Lemma tail_op_fixE Z Y : (forall w, tail_op Z Y w = Y w) ->
  forall t j, Y (t, j) = \sum_(e < qsize) \sum_(j' < d) W t j e j' * Z e j'.
Proof.
move=> Y_fix t j.
pose Y' (w : nat * 'I_d) := \sum_(e < qsize) \sum_(j' < d) W w.1 w.2 e j' * Z e j'.
suff Y'_fix w : tail_op Z Y' w = Y' w.
  by rewrite (contracting_fix_uniq (tail_op_contracting Z) Y_fix Y'_fix).
case: w => t' i; rewrite {2}/Y' /=; symmetry.
under eq_bigr => e _ do under eq_bigr => j' _ do rewrite W_rec /= mulr_sumr mulr_suml.
under eq_bigr => e _ do rewrite exchange_big /=.
rewrite exchange_big /= mulr_sumr; apply: eq_bigr => [[[j' l] b]] _ /=; symmetry.
transitivity (X * (Qu i j' l b * \sum_(e < qsize) \sum_(j'' < d)
   (if (t' + l < b)%N then kdelta ser e (b - l - t' - 1) j' j'' else W (t' + l - b) j' e j'') * Z e j'')).
  congr (_ * (_ * _)); case: ifP => _ //.
  by rewrite sum_kdelta //; apply: leq_ltn_trans (ltn_ord b); lia.
rewrite !mulr_sumr; apply: eq_bigr => e _; rewrite !mulr_sumr.
by apply: eq_bigr => j'' _; rewrite !mulrA.
Qed.

Definition wstep (Rg : pzSemiRingType) (w : nat -> 'I_d -> 'I_qsize -> 'I_d -> Rg)
    (s e1 : nat) (j3 : 'I_d) (e : 'I_qsize) (j' : 'I_d) : Rg :=
  if (s <= e1)%N then kdelta Rg e (e1 - s) j3 j' else w (s - e1.+1)%N j3 e j'.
------------------------------------------------
▶ Aim of the exercise
Reproduce the data exactly. All of it is needed.

▶ Exercise output
Lemma tail_op_fixE Z Y : (forall w, tail_op Z Y w = Y w) ->
  forall t j, Y (t, j) = \sum_(e < qsize) \sum_(j' < d) W t j e j' * Z e j'.
Proof.
move=> Y_fix t j.
pose Y' (w : nat * 'I_d) := \sum_(e < qsize) \sum_(j' < d) W w.1 w.2 e j' * Z e j'.
suff Y'_fix w : tail_op Z Y' w = Y' w.
  by rewrite (contracting_fix_uniq (tail_op_contracting Z) Y_fix Y'_fix).
case: w => t' i; rewrite {2}/Y' /=; symmetry.
under eq_bigr => e _ do under eq_bigr => j' _ do rewrite W_rec /= mulr_sumr mulr_suml.
under eq_bigr => e _ do rewrite exchange_big /=.
rewrite exchange_big /= mulr_sumr; apply: eq_bigr => [[[j' l] b]] _ /=; symmetry.
transitivity (X * (Qu i j' l b * \sum_(e < qsize) \sum_(j'' < d)
   (if (t' + l < b)%N then kdelta ser e (b - l - t' - 1) j' j'' else W (t' + l - b) j' e j'') * Z e j'')).
  congr (_ * (_ * _)); case: ifP => _ //.
  by rewrite sum_kdelta //; apply: leq_ltn_trans (ltn_ord b); lia.
rewrite !mulr_sumr; apply: eq_bigr => e _; rewrite !mulr_sumr.
by apply: eq_bigr => j'' _; rewrite !mulrA.
Qed.

Definition wstep (Rg : pzSemiRingType) (w : nat -> 'I_d -> 'I_qsize -> 'I_d -> Rg)
    (s e1 : nat) (j3 : 'I_d) (e : 'I_qsize) (j' : 'I_d) : Rg :=
  if (s <= e1)%N then kdelta Rg e (e1 - s) j3 j' else w (s - e1.+1)%N j3 e j'.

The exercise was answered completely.